ECLI:NL:GHARL:2023:1161

Gerechtshof Arnhem-Leeuwarden

Datum uitspraak
9 februari 2023
Publicatiedatum
9 februari 2023
Zaaknummer
200.299.711
Instantie
Gerechtshof Arnhem-Leeuwarden
Type
Uitspraak
Procedures
  • Hoger beroep
Rechters
Vindplaatsen
  • Rechtspraak.nl
AI samenvatting door LexboostAutomatisch gegenereerd

Verdeling van de huwelijksgemeenschap en de kosten van gemeenschappelijke zaken na echtscheiding

In deze zaak gaat het om de verdeling van de huwelijksgemeenschap na de echtscheiding van partijen, die in 1998 zijn gehuwd in gemeenschap van goederen. De vrouw heeft op 21 maart 2020 een verzoek tot echtscheiding ingediend, waarna het huwelijk in 2022 is ontbonden. De rechtbank Midden-Nederland heeft op 11 juni 2021 een beschikking gegeven over de verdeling van de huwelijksgoederengemeenschap, waartegen de vrouw in hoger beroep is gekomen met drie grieven. De man heeft in incidenteel hoger beroep ook drie grieven ingediend. Het hof heeft de procedure in hoger beroep behandeld en de grieven van beide partijen besproken. Het hof heeft vastgesteld dat partijen het niet eens konden worden over de verdeling van de onroerende zaken en de kosten van onderhoud. Het hof heeft bepaald dat de kosten van onderhoud van de onroerende zaken door partijen bij helfte moeten worden gedragen en dat de netto onderhoudskosten over de laatste vijf jaren moeten worden vastgesteld. Daarnaast heeft het hof de wijze van verdeling van de onroerende zaken vastgesteld, waarbij de man en de vrouw verschillende panden zijn toegewezen. De vrouw heeft haar verzoek met betrekking tot de verdeling van de aan de bankrekening gekoppelde aandelen ingetrokken. Het hof heeft ook de belastingaanslagen die betrekking hebben op de huwelijkse periode besproken en bepaald dat deze bij helfte door partijen moeten worden gedragen. De beschikking van de rechtbank is deels vernietigd en aangevuld, en de proceskosten in hoger beroep zijn gecompenseerd.

Uitspraak

GERECHTSHOF ARNHEM-LEEUWARDEN

locatie Arnhem
afdeling civiel recht
zaaknummer gerechtshof 200.299.711
(zaaknummers rechtbank Midden Nederland 500201 en 503816)
beschikking van 9 februari 2023
inzake
[verzoekster],
wonende te [woonplaats1] ,
verzoekster in het principaal hoger beroep,
verweerster in het incidenteel hoger beroep,
verder te noemen: de vrouw,
advocaat: mr. A.C. Otten te Bussum, gemeente Gooise Meren,
en
[verweerder],
wonende te [woonplaats2] ,
verweerder in het principaal hoger beroep,
verzoeker in het incidenteel hoger beroep,
verder te noemen: de man,
advocaat: mr. A. Oosterhuis-Boeve te Arnhem.

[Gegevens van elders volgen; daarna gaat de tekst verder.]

Lemma stage_0 k : 0 <= k -> stage k 0 = 0.
Proof. intros Hk. apply smoothstep_le_0. lra. Qed.

Lemma stage_1 k : k <= 2 -> stage k 1 = 1.
Proof. intros Hk. apply smoothstep_ge_1. lra. Qed.

Lemma continuous_sqr (f : R -> R) x : continuous f x -> continuous (fun t => f t ^ 2) x.
Proof.
  intros Hf. apply (continuous_ext (fun t => f t * f t)); [intros; simpl; ring|].
  apply (continuous_mult f f); auto.
Qed.

Lemma speed_continuous d lam cy cx t : Defs.C1 cy ->
  (forall i, (i < d)%nat -> Defs.C1 (cx i)) -> continuous (speed d lam cy cx) t.
Proof.
  intros Hy Hx. apply continuous_sqrt_comp.
  apply (continuous_plus (fun t => Derive cy t ^ 2)); [apply continuous_sqr, Hy|].
  apply (continuous_sum_upto d (fun i t => exp (-2 * lam i * cy t) * Derive (cx i) t ^ 2)).
  intros i Hi. apply (continuous_mult (fun t => exp (-2 * lam i * cy t))).
  - apply continuous_exp_comp, continuous_Rmult_l, continuous_derivable, Hy.
  - apply continuous_sqr, Hx, Hi.
Qed.

Lemma speed_ge_abs_Derive_y d lam cy cx t :
  Rabs (Derive cy t) <= speed d lam cy cx t.
Proof.
  unfold speed. rewrite <- sqrt_Rsqr_abs. apply sqrt_le_1_alt.
  assert (0 <= sum_upto d (fun i => exp (-2 * lam i * cy t) * Derive (cx i) t ^ 2)).
  { apply sum_upto_nonneg; intros.
    apply Rmult_le_pos; [apply Rlt_le, exp_pos | apply pow2_ge_0]. }
  unfold Rsqr; simpl in *; lra.
Qed.

Lemma speed_ge_abs_Derive_x d lam cy cx t i : (i < d)%nat ->
  Rabs (Derive (cx i) t) <= exp (lam i * cy t) * speed d lam cy cx t.
Proof.
  intros Hi. set (w := exp (- lam i * cy t) * Rabs (Derive (cx i) t)).
  assert (Hw : 0 <= w) by (apply Rmult_le_pos; [apply Rlt_le, exp_pos | apply Rabs_pos]).
  assert (Hterm : w ^ 2 = exp (-2 * lam i * cy t) * Derive (cx i) t ^ 2).
  { unfold w. rewrite Rpow_mult_distr, pow2_abs. f_equal.
    simpl. rewrite Rmult_1_r, <- exp_plus. f_equal; ring. }
  assert (Hle : w <= speed d lam cy cx t).
  { rewrite <- (sqrt_pow2 w Hw). apply sqrt_le_1_alt. rewrite Hterm.
    assert (exp (-2 * lam i * cy t) * Derive (cx i) t ^ 2 <=
            sum_upto d (fun i => exp (-2 * lam i * cy t) * Derive (cx i) t ^ 2)).
    { apply (sum_upto_ge_term d (fun j => exp (-2 * lam j * cy t) * Derive (cx j) t ^ 2));
        auto; intros.
      apply Rmult_le_pos; [apply Rlt_le, exp_pos | apply pow2_ge_0]. }
    generalize (pow2_ge_0 (Derive cy t)); lra. }
  assert (Hinv : exp (lam i * cy t) * exp (- lam i * cy t) = 1)
    by (rewrite <- exp_plus, <- exp_0; f_equal; ring).
  replace (Rabs (Derive (cx i) t)) with (exp (lam i * cy t) * w)
    by (unfold w; rewrite <- Rmult_assoc, Hinv; ring).
  apply Rmult_le_compat_l; [apply Rlt_le, exp_pos | exact Hle].
Qed.

Lemma exp_le_compat x y : x <= y -> exp x <= exp y.
Proof. intros [Hlt | ->]; [apply Rlt_le, exp_increasing, Hlt | apply Rle_refl]. Qed.

Lemma le_two_mul_div_1_add_sqr a E w : 0 < w ->
  a <= E * w -> a * w <= E -> a <= 2 * E * w / (1 + w ^ 2).
Proof.
  intros Hw H1 H2. apply (Rmult_le_reg_r (1 + w ^ 2)); [nra|].
  unfold Rdiv. rewrite Rmult_assoc, Rinv_l by nra. nra.
Qed.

1.Het geding in eerste aanleg

Het hof verwijst voor het geding in eerste aanleg naar de beschikking van de rechtbank Midden-Nederland, locatie Utrecht, van 11 juni 2021, uitgesproken onder voormelde zaaknummers.

2.Het geding in hoger beroep

2.1
Het verloop van de procedure blijkt uit:
- het beroepschrift, ingekomen op 11 september 2021;
- het verweerschrift tevens incidenteel hoger beroep met producties;
- het verweerschrift in het incidenteel hoger beroep met productie;
- een journaalbericht van mr. Otten van 27 oktober 2022 met producties;
- een journaalbericht van mr. Oosterhuis-Boeve van 31 oktober 2022 met producties.
2.2
De mondelinge behandeling heeft op 10 november 2022 plaatsgevonden. Aanwezig waren partijen in persoon, bijgestaan door hun advocaten. Daarnaast was aan de zijde van de man aanwezig mr. K. Broere, advocaat te Arnhem.

3.De feiten

3.1
Partijen zijn [in] 1998 met elkaar gehuwd in gemeenschap van goederen. De vrouw heeft op 21 maart 2020 een verzoek tot echtscheiding ingediend.
3.2
Het huwelijk van partijen is [in] 2022 ontbonden door inschrijving van de echtscheidingsbeschikking van 11 juni 2021 (de bestreden beschikking) in de registers van de burgerlijke stand.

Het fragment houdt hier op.